WORK TASK - Filter the records below down to lines containing "intros".

┌─ INPUT RECORDS

(* Fix $\epsilon\in(0,1/2)$. Consider a scalar parameter $\theta\in\mathbb{R}$, clean-label probability $p=\sigma(\theta)=(1+e^{-\theta})^{-1}$ and noise contamination $\tilde p=1-p$, and the objective $$J(\theta)=(1-\epsilon)\,\ell_q(\sigma(\theta))+\epsilon\,\ell_q(1-\sigma(\theta)),\qquad \ell_q(u)=-\log_q u,$$ with gradient flow $\dot\theta=-J'(\theta)$. (i) For $q\in(0,1]$, let $r=(\epsilon/(1-\epsilon))^{1/q}$ and $\tilde p_*(q)=r/(1+r)$ (the unique point in $(0,1)$ where $\frac{d}{dp}[(1-\epsilon)\ell_q(p)+\epsilon\ell_q(1-p)]=0$). Fix $\eta\in(0,\tilde p_*(q))$, and for $\tilde p_0\in(0,\eta)$ let $T_q^{\mathrm{noise}}(\tilde p_0)$ be the time for the flow started at $\tilde p(0)=\tilde p_0$ to reach $\tilde p=\eta$. Then, as $\tilde p_0\to0$ (with $q,\epsilon,\eta$ fixed), $$T_q^{\mathrm{noise}}(\tilde p_0)=\Theta\!\left(\frac{\tilde p_0^{-(1-q)}}{(1-q)\,\epsilon}\right)\ \text{for } q\in(0,1),\qquad T_1^{\mathrm{noise}}(\tilde p_0)=\Theta\!\left(\frac{\log(1/\tilde p_0)}{\epsilon}\right),$$ and for $0<q<q'\le1$, $T_q^{\mathrm{noise}}(\tilde p_0)/T_{q'}^{\mathrm{noise}}(\tilde p_0)=\Theta(\tilde p_0^{-(q'-q)})\to\infty$. (ii) For $q=0$, $\dot{\tilde p}=-(1-2\epsilon)p^2\tilde p^2<0$ whenever $\tilde p\in(0,1)$, so from any $\tilde p_0\in(0,1)$ the contamination decreases monotonically and never reaches any target $\eta>\tilde p_0$ (i.e. $T_0^{\mathrm{noise}}(\tilde p_0)=\infty$).
   Context: The Tsallis $q$-logarithm is $\log_q(u)=\frac{u^{1-q}-1}{1-q}$ for $u\in(0,1]$, $q\in[0,1)$, and $\log_1(u)=\log u$. Under this flow, $\dot{\tilde p}=\big[\epsilon\tilde p^{-q}-(1-\epsilon)(1-\tilde p)^{-q}\big]\,p^2\,\tilde p^2$.
   Formalization: For q′ = 1 the ratio $T_q^{\mathrm{noise}}(\tilde p_0)/T_{q'}^{\mathrm{noise}}(\tilde p_0)$ is Θ( $\tilde p_0^{-(1-q)}$ / $\log(1/\tilde p_0)$ ) instead of $\Theta(\tilde p_0^{-(q'-q)})$, which is asserted for q′ < 1 only. The statement above fails without it. *)

From Stdlib Require Import Reals Lra.
From Coquelicot Require Import Coquelicot.
Open Scope R_scope.

Definition sigmoid (x : R) : R := / (1 + exp (- x)).

Definition logq (q u : R) : R :=
  if Req_EM_T q 1 then ln u else (Rpower u (1 - q) - 1) / (1 - q).

Definition lossq (q u : R) : R := - logq q u.

Definition Jobj (eps q : R) (theta : R) : R :=
  (1 - eps) * lossq q (sigmoid theta) + eps * lossq q (1 - sigmoid theta).

Definition is_flow (eps q : R) (th : R -> R) : Prop :=
  forall t : R, is_derive th t (- Derive (Jobj eps q) (th t)).

Definition pclean (th : R -> R) (t : R) : R := sigmoid (th t).
Definition ptilde (th : R -> R) (t : R) : R := 1 - sigmoid (th t).

Definition pstar (eps q : R) : R :=
  let r := Rpower (eps / (1 - eps)) (1 / q) in r / (1 + r).

Definition first_hit (f : R -> R) (eta T : R) : Prop :=
  0 <= T /\ f T = eta /\ (forall s, 0 <= s < T -> f s <> eta).

From Stdlib Require Import Reals Lra.
From Coquelicot Require Import Coquelicot.
Open Scope R_scope.

(* Write x = ptilde and p = 1 - x, so that the flow reads
   x' = p^2 x^2 (eps x^-q - (1 - eps) p^-q).  For any potential Phi with Phi'(x) = - x^(q-2)
   (namely x^(q-1)/(1-q) for q < 1 and ln(1/x) for q = 1) the chain rule gives
   (Phi o x)' = - (1 - x)^2 (eps - (1 - eps) (x/(1-x))^q).  The bracket vanishes exactly at
   pstar, and on (0, eta] with eta < pstar this decay rate lies between its (positive) value at
   eta and eps.  So the time to reach eta is Phi(p0) - Phi(eta) up to the factors 1/eps and
   1/rate(eta); since Phi(p0) dominates Phi(eta) as p0 -> 0, this is Theta(Phi(p0)).
   For q = 0 the bracket is the constant -(1 - 2 eps) < 0, so ptilde strictly decreases. *)

Lemma is_derive_eq (f : R -> R) (x l l' : R) : is_derive f x l -> l = l' -> is_derive f x l'.
Proof. now intros H <-. Qed.

Lemma sigmoid_bounds x : 0 < sigmoid x < 1.
Proof.
  unfold sigmoid. pose proof (exp_pos (- x)). split.
  - apply Rinv_0_lt_compat; lra.
  - rewrite <- Rinv_1. apply Rinv_lt_contravar; lra.
Qed.

Lemma is_derive_sigmoid x : is_derive sigmoid x (sigmoid x * (1 - sigmoid x)).
Proof.
  unfold sigmoid. pose proof (exp_pos (- x)).
  auto_derive; [lra|]. field. lra.
Qed.

Lemma is_derive_lossq q u : 0 < u -> is_derive (lossq q) u (- Rpower u (- q)).
Proof.
  intros Hu. unfold lossq, logq. destruct (Req_EM_T q 1) as [->|Hq].
  - rewrite Rpower_Ropp, Rpower_1 by lra.
    auto_derive; [lra | field; lra].
  - assert (Hpow : is_derive (fun x : R => Rpower x (1 - q)) u ((1 - q) * Rpower u (1 - q - 1)))
      by now apply is_derive_Reals, derivable_pt_lim_power.
    auto_derive; [now exists ((1 - q) * Rpower u (1 - q - 1))|].
    rewrite (is_derive_unique _ _ _ Hpow).
    replace (1 - q - 1) with (- q) by ring. field. lra.
Qed.

Lemma is_derive_Jobj eps q x :
  is_derive (Jobj eps q) x
    (sigmoid x * (1 - sigmoid x)
     * (eps * Rpower (1 - sigmoid x) (- q) - (1 - eps) * Rpower (sigmoid x) (- q))).
Proof.
  destruct (sigmoid_bounds x) as [Hs0 Hs1].
  assert (Hs := is_derive_sigmoid x).
  assert (Hl := is_derive_lossq q _ Hs0).
  assert (Hl' := is_derive_lossq q (1 + - sigmoid x) ltac:(lra)).
  unfold Jobj. auto_derive.
  - repeat split; eexists; eauto.
  - rewrite (is_derive_unique (fun y : R => sigmoid y) _ _ Hs),
      (is_derive_unique (fun u : R => lossq q u) _ _ Hl),
      (is_derive_unique (fun u : R => lossq q u) _ _ Hl').
    replace (1 + - sigmoid x) with (1 - sigmoid x) by ring. ring.
Qed.

Lemma is_derive_ptilde eps q th t : is_flow eps q th ->
  is_derive (ptilde th) t
    (pclean th t ^ 2 * ptilde th t ^ 2
     * (eps * Rpower (ptilde th t) (- q) - (1 - eps) * Rpower (pclean th t) (- q))).
Proof.
  intros Hflow. assert (Hth := Hflow t).
  rewrite (is_derive_unique _ _ _ (is_derive_Jobj eps q (th t))) in Hth.
  assert (Hs := is_derive_sigmoid (th t)).
  unfold ptilde, pclean. auto_derive.
  - split; [eexists; exact Hs | split; [eexists; exact Hth | exact I]].
  - rewrite (is_derive_unique (fun y : R => sigmoid y) _ _ Hs),
      (is_derive_unique (fun y : R => th y) _ _ Hth).
    ring.
Qed.

Definition decay_rate (eps q x : R) : R :=
  (1 - x) ^ 2 * (eps - (1 - eps) * Rpower (x / (1 - x)) q).

Lemma is_derive_potential_flow eps q th (Phi : R -> R) t :
  is_flow eps q th -> (forall x, 0 < x -> is_derive Phi x (- Rpower x (q - 2))) ->
  is_derive (fun s => Phi (ptilde th s)) t (- decay_rate eps q (ptilde th t)).
Proof.
  intros Hflow HPhi.
  assert (Hp : pclean th t = 1 - ptilde th t) by (unfold ptilde, pclean; ring).
  assert (Hx : 0 < ptilde th t < 1) by (unfold ptilde; pose proof (sigmoid_bounds (th t)); lra).
  set (x := ptilde th t) in *.
  pose proof (is_derive_comp Phi (ptilde th) t _ _ (HPhi x (proj1 Hx)) (is_derive_ptilde eps q th t Hflow))
    as Hcomp.
  apply (is_derive_eq _ _ _ _ Hcomp). rewrite Hp. unfold decay_rate.
  assert (Hxq : 0 < Rpower x q) by apply exp_pos.
  assert (Hyq : 0 < Rpower (1 - x) q) by apply exp_pos.
  assert (Hx2 : Rpower x (q - 2) = Rpower x q / x ^ 2).
  { unfold Rminus. rewrite Rpower_plus, Rpower_Ropp, <- (Rpower_pow 2) by lra.
    simpl INR. replace (1 + 1) with 2 by ring. reflexivity. }
  assert (Hodds : Rpower (x / (1 - x)) q = Rpower x q / Rpower (1 - x) q).
  { assert (Hinv : Rpower (/ (1 - x)) q = / Rpower (1 - x) q).
    { unfold Rpower. rewrite ln_Rinv, <- exp_Ropp by lra. f_equal. ring. }
    unfold Rdiv. rewrite <- Hinv. apply eq_sym, Rpower_mult_distr; [|apply Rinv_0_lt_compat]; lra. }
  change ((1 - x) ^ 2 * x ^ 2 * (eps * Rpower x (- q) - (1 - eps) * Rpower (1 - x) (- q))
    * - Rpower x (q - 2) = - ((1 - x) ^ 2 * (eps - (1 - eps) * Rpower (x / (1 - x)) q))).
  rewrite Hx2, Hodds, !Rpower_Ropp. field. lra.
Qed.

Lemma pstar_bounds eps q : 0 < pstar eps q < 1.
Proof.
  unfold pstar. set (r := Rpower (eps / (1 - eps)) (1 / q)).
  assert (Hr : 0 < r) by apply exp_pos.
  split; [apply Rdiv_lt_0_compat; lra|].
  apply (Rmult_lt_reg_r (1 + r)); [lra|]. field_simplify; lra.
Qed.

Lemma odds_lt_pstar eps q x : 0 < eps < 1 -> 0 < q -> 0 < x < pstar eps q ->
  (1 - eps) * Rpower (x / (1 - x)) q < eps.
Proof.
  intros Heps Hq Hx. pose proof (pstar_bounds eps q) as Hps.
  unfold pstar in *. set (r := Rpower (eps / (1 - eps)) (1 / q)) in *.
  assert (Hr : 0 < r) by apply exp_pos.
  assert (Hodds : x / (1 - x) < r).
  { apply (Rmult_lt_reg_r (1 - x)); [lra|].
    assert (Hxr : x * (1 + r) < r).
    { destruct Hx as [_ Hx]. apply (Rmult_lt_compat_r (1 + r)) in Hx; [|lra].
      field_simplify in Hx; lra. }
    field_simplify; lra. }
  assert (Hrq : Rpower r q = eps / (1 - eps)).
  { unfold r. rewrite Rpower_mult. replace (1 / q * q) with 1 by (field; lra).
    apply Rpower_1, Rdiv_lt_0_compat; lra. }
  assert (Hpow : Rpower (x / (1 - x)) q < eps / (1 - eps)).
  { rewrite <- Hrq. apply Rlt_Rpower_l; [lra|]. split; [apply Rdiv_lt_0_compat|]; lra. }
  apply (Rmult_lt_compat_l (1 - eps)) in Hpow; [|lra].
  replace ((1 - eps) * (eps / (1 - eps))) with eps in Hpow by (field; lra). exact Hpow.
Qed.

└─

TASK OUTPUT -
Proof. now intros H <-. Qed.
  intros Hu. unfold lossq, logq. destruct (Req_EM_T q 1) as [->|Hq].
  intros Hflow. assert (Hth := Hflow t).
  intros Hflow HPhi.
  intros Heps Hq Hx. pose proof (pstar_bounds eps q) as Hps.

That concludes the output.